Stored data
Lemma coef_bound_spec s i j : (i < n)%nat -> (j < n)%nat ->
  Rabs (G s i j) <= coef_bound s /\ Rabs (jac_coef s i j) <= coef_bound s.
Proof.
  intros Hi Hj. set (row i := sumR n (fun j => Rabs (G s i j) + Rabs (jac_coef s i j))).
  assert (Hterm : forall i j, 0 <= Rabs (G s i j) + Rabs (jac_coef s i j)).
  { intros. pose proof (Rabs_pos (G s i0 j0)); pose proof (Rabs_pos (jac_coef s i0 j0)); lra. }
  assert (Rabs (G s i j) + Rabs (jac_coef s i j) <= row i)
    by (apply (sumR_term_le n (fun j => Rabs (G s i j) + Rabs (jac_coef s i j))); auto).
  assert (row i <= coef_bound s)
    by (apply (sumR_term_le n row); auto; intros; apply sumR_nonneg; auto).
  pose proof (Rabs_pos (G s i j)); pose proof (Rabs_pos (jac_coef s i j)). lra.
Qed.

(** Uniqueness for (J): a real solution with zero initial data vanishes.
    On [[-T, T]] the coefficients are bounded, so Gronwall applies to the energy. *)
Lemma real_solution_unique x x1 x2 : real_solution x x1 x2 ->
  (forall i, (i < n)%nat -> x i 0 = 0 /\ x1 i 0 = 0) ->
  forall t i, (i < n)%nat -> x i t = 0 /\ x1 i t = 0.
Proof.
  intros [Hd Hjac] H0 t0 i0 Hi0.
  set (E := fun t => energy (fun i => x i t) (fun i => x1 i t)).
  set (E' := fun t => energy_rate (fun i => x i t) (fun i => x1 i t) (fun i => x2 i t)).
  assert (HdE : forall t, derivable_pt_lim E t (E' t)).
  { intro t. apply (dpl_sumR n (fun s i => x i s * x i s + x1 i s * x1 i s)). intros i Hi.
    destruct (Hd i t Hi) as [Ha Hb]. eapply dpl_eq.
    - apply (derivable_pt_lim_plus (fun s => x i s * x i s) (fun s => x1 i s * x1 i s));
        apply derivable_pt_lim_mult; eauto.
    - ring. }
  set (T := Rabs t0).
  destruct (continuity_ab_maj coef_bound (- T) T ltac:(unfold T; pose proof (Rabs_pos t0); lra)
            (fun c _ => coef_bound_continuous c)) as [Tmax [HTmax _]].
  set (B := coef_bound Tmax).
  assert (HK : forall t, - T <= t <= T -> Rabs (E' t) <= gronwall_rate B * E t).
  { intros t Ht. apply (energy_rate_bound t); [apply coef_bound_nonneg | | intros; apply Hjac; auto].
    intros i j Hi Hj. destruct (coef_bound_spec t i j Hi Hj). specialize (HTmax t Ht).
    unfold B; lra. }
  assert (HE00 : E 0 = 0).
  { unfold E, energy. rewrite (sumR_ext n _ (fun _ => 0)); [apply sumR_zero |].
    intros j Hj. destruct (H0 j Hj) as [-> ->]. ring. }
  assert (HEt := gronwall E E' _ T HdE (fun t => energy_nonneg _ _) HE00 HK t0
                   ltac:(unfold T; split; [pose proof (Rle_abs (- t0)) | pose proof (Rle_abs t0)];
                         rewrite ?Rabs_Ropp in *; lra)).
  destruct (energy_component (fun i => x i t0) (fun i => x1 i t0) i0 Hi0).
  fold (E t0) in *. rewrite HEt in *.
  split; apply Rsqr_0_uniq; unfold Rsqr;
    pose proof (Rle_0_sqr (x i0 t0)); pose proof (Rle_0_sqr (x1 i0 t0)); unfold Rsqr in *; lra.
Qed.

• **Your goal**: Taking the entries above, write out exactly each line from the one holding "set (E' := fun" to the one holding "[apply sumR_zero |].", both included, and stop there.

• **Written solution**:
  set (E' := fun t => energy_rate (fun i => x i t) (fun i => x1 i t) (fun i => x2 i t)).
  assert (HdE : forall t, derivable_pt_lim E t (E' t)).
  { intro t. apply (dpl_sumR n (fun s i => x i s * x i s + x1 i s * x1 i s)). intros i Hi.
    destruct (Hd i t Hi) as [Ha Hb]. eapply dpl_eq.
    - apply (derivable_pt_lim_plus (fun s => x i s * x i s) (fun s => x1 i s * x1 i s));
        apply derivable_pt_lim_mult; eauto.
    - ring. }
  set (T := Rabs t0).
  destruct (continuity_ab_maj coef_bound (- T) T ltac:(unfold T; pose proof (Rabs_pos t0); lra)
            (fun c _ => coef_bound_continuous c)) as [Tmax [HTmax _]].
  set (B := coef_bound Tmax).
  assert (HK : forall t, - T <= t <= T -> Rabs (E' t) <= gronwall_rate B * E t).
  { intros t Ht. apply (energy_rate_bound t); [apply coef_bound_nonneg | | intros; apply Hjac; auto].
    intros i j Hi Hj. destruct (coef_bound_spec t i j Hi Hj). specialize (HTmax t Ht).
    unfold B; lra. }
  assert (HE00 : E 0 = 0).
  { unfold E, energy. rewrite (sumR_ext n _ (fun _ => 0)); [apply sumR_zero |].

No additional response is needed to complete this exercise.